AlexNet

Rich feature hierarchies for accurate object detection and semantic segmentation

Abstract

In this paper, they propose a simple and scalable detection algorithm that improves mean average precision (mAP) by more than 30% relative to previous best results on VOC2012 - achieving a mAP of 53.3%.

The proposed approach combines two key insights:

one can apply high-capacity convolutional neural networks (CNNs) to bottom-up region proposals in order to localize and segment objects.
when labeled training data is scarce, supervised pre-training for an auxiliary task, followed by domain-specific fine-tuning, yields a significant performance boost.

Introduction

AlexNet is the revival of CNN. To what extent do the CNN classification results on ImageNet generalize to object detection results on the PASCAL VOC Challenge?

They answer this question by bridging the gap between image classification and object detection. To achieve this result they focused on two problems:

localizing objects with a deep network
training a high-capacity with only a small quantity of annotated detection data

Unlike image classification, detection requires localizing objects within an image. The potential solutions include

framing localization as regression problem. This has been shown not working well.
building a sliding-widow detector.

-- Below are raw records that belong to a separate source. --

Lemma tree_on_glue (T : {set E}) : T \subset IE A :|: IE B ->
  tree_on ends (A :|: B) T = tree_on ends A (T :&: IE A) && tree_on ends B (T :&: IE B).
Proof.
move=> sT.
have eT : T = (T :&: IE A) :|: (T :&: IE B) by rewrite -setIUr; apply/esym/setIidPl.
have sA : T :&: IE A \subset IE A := subsetIr _ _.
have sB : T :&: IE B \subset IE B := subsetIr _ _.
have AB0 : A :|: B != set0 by apply/set0Pn; exists v; rewrite inE vA.
have sTAB : T \subset IE (A :|: B).
  by apply: subset_trans sT _; rewrite subUset !induced_edges_mono ?subsetUl ?subsetUr.
have A0 : A != set0 by apply/set0Pn; exists v.
have B0 : B != set0 by apply/set0Pn; exists v.
rewrite /tree_on AB0 A0 B0 sTAB sA sB.
rewrite [in acyclic _ T]eT acyclic_glue //.
case: (acyclic _ (T :&: IE A)) (acyclic _ (T :&: IE B)) => [] [] /=; rewrite ?andbF //.
apply/idP/andP.
- move=> /forall_inP conn.
  have connT x y : x \in A :|: B -> y \in A :|: B -> connect (adj T) x y.
    by move=> xX yX; apply/forall_inP: yX; apply: conn.
  split; apply/forall_inP => x xX; apply/forall_inP => y yX.
  + have c : connect (adj (T :&: IE A :|: T :&: IE B)) x y.
      by rewrite -eT; apply: connT; rewrite inE ?xX ?yX.
    by case: (connect_adj_cut sAB sA sB xX c) => /(_ yX).
  + have c : connect (adj (T :&: IE B :|: T :&: IE A)) x y.
      by rewrite setUC -eT; apply: connT; rewrite inE ?xX ?yX orbT.
    by case: (connect_adj_cut sBA sB sA xX c) => /(_ yX).
- case=> /forall_inP cA /forall_inP cB.
  have cA' x y : x \in A -> y \in A -> connect (adj T) x y.
    move=> xA yA; apply: connect_adj_mono (subsetIl T (IE A)) _.
    by move/forall_inP: (cA x xA); apply.
  have cB' x y : x \in B -> y \in B -> connect (adj T) x y.
    move=> xB yB; apply: connect_adj_mono (subsetIl T (IE B)) _.
    by move/forall_inP: (cB x xB); apply.
  apply/forall_inP => x /setUP[xA|xB]; apply/forall_inP => y /setUP[yA|yB].
  + exact: cA'.
  + exact: connect_trans (cA' _ _ xA vA) (cB' _ _ vB yB).
  + exact: connect_trans (cB' _ _ xB vB) (cA' _ _ vA yA).
  + exact: cB'.
Qed.
End Glue.

(* [two_forest_in A B v S F]: the ordered spanning 2-forest (S, F) of G restricts
   to a spanning 2-forest of G[A] and a spanning tree of G[B], and G[B] lies in
   the tree containing v. *)
Definition two_forest_in (A B : {set V}) (v : V) (S : {set V}) (F : {set E}) : bool :=
  [&& two_forest ends A (S :&: A) (F :&: IE A), tree_on ends B (F :&: IE B) &
      S :&: B == (if v \in S then B else set0)].

Lemma two_forest_in_compl (A B : {set V}) v (S : {set V}) (F : {set E}) :
  two_forest_in A B v (~: S) F = two_forest_in A B v S F.
Proof.
suff compl S' : two_forest_in A B v S' F -> two_forest_in A B v (~: S') F.
  by apply/idP/idP => [/compl|]; [rewrite setCK | exact: compl].
case/and3P=> tA tB /eqP SB; apply/and3P; split; last first.
- rewrite inE; case: (v \in S') SB => /setP SB; apply/eqP/setP => x;
  by move: (SB x); rewrite !inE; case: (x \in S'); case: (x \in B).
- exact: tB.
- have -> : ~: S' :&: A = A :\: (S' :&: A).
    by apply/setP => x; rewrite !inE; case: (x \in S'); case: (x \in A).
  exact: two_forest_compl tA.
Qed.

Lemma two_forest_in_exclusive (A B : {set V}) v (S : {set V}) (F : {set E}) :
  two_forest_in A B v S F -> ~~ two_forest_in B A v S F.
Proof.
case/and3P=> _ _ /eqP SB; apply/negP => /and3P[/and4P[_ _ t1 t2] _ _].
by move: SB t1 t2; case: (v \in S) => ->; rewrite ?setDv /tree_on eqxx.
Qed.

Section Separation.
Variables (A B : {set V}) (v : V).
Hypotheses (AUB : A :|: B = setT) (AIB : A :&: B = [set v]).
Hypothesis cover : forall e, e \in IE A :|: IE B.
Hypothesis disjE : forall e, ~~ ((e \in IE A) && (e \in IE B)).
Variables (R : realFieldType) (rho : V -> 'rV[R]_4) (alpha : E -> R).

Let vA : v \in A. Proof. by have := set11 v; rewrite -AIB => /setIP[]. Qed.
Let vB : v \in B. Proof. by have := set11 v; rewrite -AIB => /setIP[]. Qed.
Let memAB x : (x \in A) || (x \in B). Proof. by rewrite -in_setU AUB inE. Qed.
Let cut x : x \in A -> x \in B -> x = v.
Proof. by move=> xA xB; apply/set1P; rewrite -AIB inE xA. Qed.

Lemma two_forest_setT_in (S : {set V}) (F : {set E}) : B \subset S ->
  two_forest ends setT S F = two_forest_in A B v S F.
Proof.
move=> /subsetP bS; have vS := bS v vB.
have sSAB : S :&: A :&: B \subset [set v].
  by apply/subsetP => x /setIP[/setIP[_ xA] xB]; rewrite (cut xA xB) set11.
have vSA : v \in S :&: A by rewrite inE vS vA.
have eC : A :\: (S :&: A) = ~: S.
  by apply/setP => x; rewrite !inE; move: (memAB x) (bS x); case_mem.
have eS : S = S :&: A :|: B.
  by apply/setP => x; rewrite !inE; move: (memAB x) (bS x); case_mem.
have sT : F :&: IE S \subset IE (S :&: A) :|: IE B.
  by apply/subsetP => e; move: (cover e); case_mem.
have tS := tree_on_glue sSAB vSA vB sT; rewrite -eS in tS.
have SA x : (x \in S) || (x \in A) by move: (memAB x) (bS x); case_mem.
have e1 : F :&: IE S :&: IE (S :&: A) = F :&: IE A :&: IE (S :&: A).
  by apply/setP => e; case_mem.
have e2 : F :&: IE S :&: IE B = F :&: IE B.
  by apply/setP => e; move: (bS (ends e).1) (bS (ends e).2); case_mem.
have e3 : F :&: IE A :&: IE (~: S) = F :&: IE (~: S).
  by apply/setP => e; move: (SA (ends e).1) (SA (ends e).2); case_mem.
have eF : (F \subset IE S :|: IE (~: S)) =
          (F :&: IE A \subset IE (S :&: A) :|: IE (~: S)).
  apply/subsetP/subsetP => sF e; move: (sF e) (cover e);
    move: (bS (ends e).1) (bS (ends e).2); case_mem.
have SBB : S :&: B == B by apply/eqP/setIidPr/subsetP.
rewrite /two_forest_in /two_forest subsetT setTD vS eC tS e1 e2 e3 eF subsetIr SBB.
by case: (_ \subset _); case: (tree_on _ (S :&: A) _); case: (tree_on _ B _);
  case: (tree_on _ (~: S) _).
Qed.
Lemma two_forest_in_setT (S : {set V}) (F : {set E}) :
  two_forest_in A B v S F -> two_forest ends setT S F.
Proof.
wlog vS : S / v \in S => [wlog_vS|].
  case vS: (v \in S); first exact: wlog_vS.
  rewrite -two_forest_in_compl => /wlog_vS; rewrite inE vS => /(_ isT).
  by move/two_forest_compl; rewrite setTD setCK.
move=> tf; rewrite two_forest_setT_in //.
by case/and3P: tf => _ _; rewrite vS => /eqP <-; apply: subsetIl.
Qed.

Lemma compl_sub_cut_side (S : {set V}) : v \in S -> ~: S \subset A -> B \subset S.
Proof.
move=> vS /subsetP sSA; apply/subsetP => x xB; apply/negPn/negP => xS.
have xA : x \in A by apply: sSA; rewrite inE.
by move: xS; rewrite (cut xA xB) vS.
Qed.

However, units high up in CNN have very large receptive fields and strides in the input image, which makes precise localization within the sliding-window paradigm an open technical challenge.

They solve the CNN localization problem by operating within the recognition using regions paradigm, which has been successful for both object detection and semantic segmentation.

generates around 2000 category-independent region proposals for the input image
extracts a fixed-length feature vector from each proposal using a CNN
Classifies each region with category-specific linear SVMs.

They use a simple technique (afine image warping) to compute a fixed-size CNN input from each region proposal, regardless of the region's shape.

The second challenge faced in detection is that labeled data is scarce and the amount currently available is insufficient for training a large CNN.

The conventional solution to this problem is to use unsupervised pre-training, followed by supervised fine-tuning
This paper shows that supervised pre-training on a large auxiliary dataset (ILSVRC), followed by domain specific fine-tuning on a small dataset (PASCAL), is an effective paradigm for training high-capacity CNNs when data is scarce. (Transferring Learning)

In DeCAF, the author shows that AlexNet can be used as a blcakbox feature extractor, yielding excellent performance on several recognition tasks including scene classification, fine-grained sub-categorization, and domain adaption.

Object detection with R-CNN

Module design

Region proposals

R-CNN is agnostic to the particular region proposal method, however, they use selective search to enable a controlled comparison with prior detection work.

Feature extraction

They extract a 4096-dimensional feature vector from each region proposal using the Caffe implementation of AlexNet. Features are computed by forward propagating a mean-subtracted 227 x 227 RGB image through five convolutional layers and two fully connected layers.

Regardless of the size or aspect ratio of the candidate region, they warp all pixels in a tight bounding box around it to the required size. Prior to warping, they dilate the tight bounding box so that at the warped size there are exactly \(\(p\)\) pixels of warped image context around the original box (they use \(\(p = 16\)\)).

Object proposal transformations:

tightest square with context: enclosing each object proposal inside the tighest square and then scales (isotropically) the image contained in that square to the CNN input size.
tightest square without context: excluding the image content that surrounds the original object proposal.
warp: anisotropically scales each object proposal to the CNN input size.

Obviously more alternatives are possible.

Test-time detection

At test time,

run selective search on the test image to extract around 2000 region proposals
warp each proposals and forward propagate it through the CNN in order to compute features
for each class, they score each extracted feature vector using the SVM trained for that class.
Given all scored regions in an image, they apply a greedy NMS (for each class independently) that rejects a region if it has an IoU overlap with a higher scoring selected region larger than a learned threshold.